# Cory safe black sand



## hachi (Jul 30, 2015)

Hello! I'm looking for a black, inert sand substrate that will be safe for corys as well. I found this post that compares some grain sizes.

The S-grade ceramaquartz looks very fine and soft in comparison to the blasting sand. The problem is that I don't believe it is sold in my area, based on the company's website.

Another option is Tahitian Moon Sand. However I've read quite a few posts/reviews that state it is quite sharp.

Any thoughts or suggestions? Maybe a way to get my hands on some ceramaquartz? Thanks so much!


----------



## longgonedaddy (Dec 9, 2012)

Tahitian moon sand is not sharp. For that matter, I'm not aware of any commercial aquarium substrate that is too sharp for benthic fish, including cories. What erodes cories' barbels is poor water quality, not the substrate. 

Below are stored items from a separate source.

Theorem lemma2p6 (F : finFieldType) (q : nat) (alpha beta zeta : F) :
  #|F| = (q ^ 2)%N -> odd q ->
  alpha != 0 ->
  nonsquare_Fq q ((beta ^+ q - beta) ^+ 2 + 4 * alpha ^+ q.+1) ->
  (q ^ 2 - 1)%N.-primitive_root zeta ->
  let eps := zeta ^+ (q.+1)./2 in
  let w := eps ^+ 2 in
  let R2 : hcoord F := (0, w * eps, 1) in
  (forall T : hcoord F,
     pedal q alpha beta R2 T <->
     exists x : F,
       alpha * x ^+ 2 - alpha ^+ q * x ^+ (2 * q) + (beta - beta ^+ q) * x ^+ q.+1
         + 2 * w * eps = 0 /\
       proj_eq T (x, 2 * alpha * x ^+ 2 + (beta - beta ^+ q) * x ^+ q.+1 + w * eps, 1))
  /\
  (forall T : hcoord F, pedal q alpha beta R2 T ->
     exists B : hcoord F,
       ((exists s : F, inFq q s /\ B = (0, s - w * eps, 1)) \/ B = (0, 1, 0)) /\
       exists L : hcoord F, [/\ L != hzero F, incid L (1, 0, 0), incid L B & incid L T]).
Proof.
move=> cardF odd_q _ nonsq prim eps w R2.
have powDq := card_sqr_exprDq cardF; have powKq := card_sqr_exprqK cardF.
have q_gt1 : (1 < q)%N.
  by rewrite -(ltn_exp2r 1 q (isT : 0 < 2)%N) exp1n -cardF finNzRing_gt1.
have [eps_skew eps0 two0] := half_prim_root_skew odd_q q_gt1 prim.
have c_skew : conjq q (w * eps) = - (w * eps).
  by rewrite conjqM // conjqX // [conjq q eps]eps_skew sqrrN mulrN.
have c0 : w * eps != 0 by rewrite mulf_neq0 // /w expf_neq0.
split=> T; last exact: (pedal_baer_pencil powDq powKq nonsq c_skew c0 two0).
by rewrite (pedalP powDq powKq nonsq c_skew c0 two0) -[2 * w * eps]mulrA.
Qed.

I kept cories for several years on Tahitian sand, and now even longer on fluorite, another "culprit" for shredding barbels. Again, it's not the substrate, it's the water quality.


----------



## Method (Feb 13, 2011)

My pygmys and habrosus breed and are very healthy on blasting sand.


----------



## CowBoYReX (Nov 30, 2013)

Method said:


> My pygmys and habrosus breed and are very healthy on blasting sand.


Same here, black diamond blasting sand medium, I think it's the 30/60?


----------



## ichy (Apr 6, 2015)

Method said:


> My pygmys and habrosus breed and are very healthy on blasting sand.

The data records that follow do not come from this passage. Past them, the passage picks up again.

Lemma abs_approx_lower_bound b n T a k eps : 0 < b <= PI -> (1 <= n)%nat -> is_trig_poly n T ->
  (forall x, -b <= x <= b -> Rabs (F1 x + (a * x + k) - T x) <= eps) ->
  b <= 10400 * INR n * eps.
Proof.
  intros Hb Hn [u [v HT]] Happrox; assert (HPI := PI_RGT_0).
  set (c := b / 4); assert (Hc : 0 <= c <= PI / 3) by (unfold c; lra).
  destruct (cos_sum_subst (squeeze (sin c)) _ _ n u (cos_squeeze c Hc)) as [r Hr].
  assert (Hs : sin c <= 1300 * INR n * eps).
  { apply (kink_approx_lower_bound n r (fun x => Rabs (squeeze (sin c) x) + k)); [exact Hn | | |].
    - intros x; rewrite <- Hr; apply (even_part_approx u v n a k eps b).
      + intros y Hy; rewrite <- HT; apply Happrox, Hy.
      + assert (H := abs_squeeze_le c Hc x); apply Rabs_le_between in H.
        assert (2 * c = b / 2) by (unfold c; field); lra.
    - intros x y; replace (Rabs (squeeze (sin c) x) + k - (Rabs (squeeze (sin c) y) + k))
        with (Rabs (squeeze (sin c) x) - Rabs (squeeze (sin c) y)) by ring.
      eapply Rle_trans; [apply Rabs_triang_inv2 | apply squeeze_lipschitz, Hc].
    - intros h Hh; assert (H := squeeze_kink c Hc h Hh).
      assert (0 <= sin c) by (apply sin_ge_0; lra).
      rewrite squeeze_0, Rabs_R0, Rabs_right by nra; lra. }
  assert (Hsin := sin_ge_half_id c Hc); unfold c in *; lra.
Qed.

Theorem corollary3p5 :
  exists c1 : R, 0 < c1 /\
    forall (b : R), 0 < b <= PI ->
    forall (n : nat), (1 <= n)%nat ->
    forall (a k : R) (T : R -> R), is_trig_poly n T ->
      exists x : R, -b <= x <= b /\
        c1 * b / INR n <= Rabs (F1 x + (a * x + k) - T x).
Proof.
  exists (/ 20000); split; [lra|].
  intros b Hb n Hn a k T HT; apply NNPP; intros Hnone.
  assert (HN : 0 < INR n) by (apply lt_0_INR; lia).
  assert (Hlow : b <= 10400 * INR n * (/ 20000 * b / INR n)).
  { apply (abs_approx_lower_bound b n T a k); [exact Hb | exact Hn | exact HT |].
    intros x Hx; destruct (Rle_lt_dec (/ 20000 * b / INR n) (Rabs (F1 x + (a * x + k) - T x)));
      [exfalso; apply Hnone; exists x; split; assumption | lra]. }
  replace (10400 * INR n * (/ 20000 * b / INR n)) with (10400 / 20000 * b) in Hlow
    by (field; lra).
  lra.
Qed.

Ditto, just pick up a 50lb of black diamond blasting sand for $8.00


----------



## hachi (Jul 30, 2015)

Awesome! Thanks for all the replies, everyone. I won't worry about it too much then. Seems like everyone likes the blasting sand. Any difference between it and the Tahitian Moon Sand that any knows of?


----------



## ichy (Apr 6, 2015)

hachi said:


> Awesome! Thanks for all the replies, everyone. I won't worry about it too much then. Seems like everyone likes the blasting sand. Any difference between it and the Tahitian Moon Sand that any knows of?



BIIIG price difference!


----------



## hachi (Jul 30, 2015)

ichy said:


> BIIIG price difference!


Yeah, that's why I asked, lol! If they're the same-ish, I'll just go find a fat bag of the blasting sand. Thanks for all the help!


----------



## nel (Jan 23, 2016)

I will always support quartz sand for corys. On everything else maybe they are healthy, maybe even breed, but you will never see happy digging cory. I've always kept corys on quartz sand and looking at other corys - mine were always happier. I know they can live on anything, but for me it's sad, that we believe in right water params, but won't believe, that some fish like one substrate more than another.


----------



## longgonedaddy (Dec 9, 2012)

nel said:


> I will always support quartz sand for corys. On everything else maybe they are healthy, maybe even breed, but you will never see happy digging cory. I've always kept corys on quartz sand and looking at other corys - mine were always happier. I know they can live on anything, but for me it's sad, that we believe in right water params, but won't believe, that some fish like one substrate more than another.


I'd counter that by seeing how much fun they seem to be having sucking worms out from between the bits of gravel. :wink2:


----------



## Nordic (Nov 11, 2003)

I agree, its endless fun watching them dig eyeball deep in the sand.
National Geographic? Aquarium Sand | Gravel & Sand | PetSmart

I recommend the above sand, it is very uniform sized and does not compact easily.


----------



## sm1ke (Jun 30, 2016)

longgonedaddy said:


> I'd counter that by seeing how much fun they seem to be having sucking worms out from between the bits of gravel. :wink2:


I'll second this. My cories seem plenty happy with the clay gravel I'm using.


----------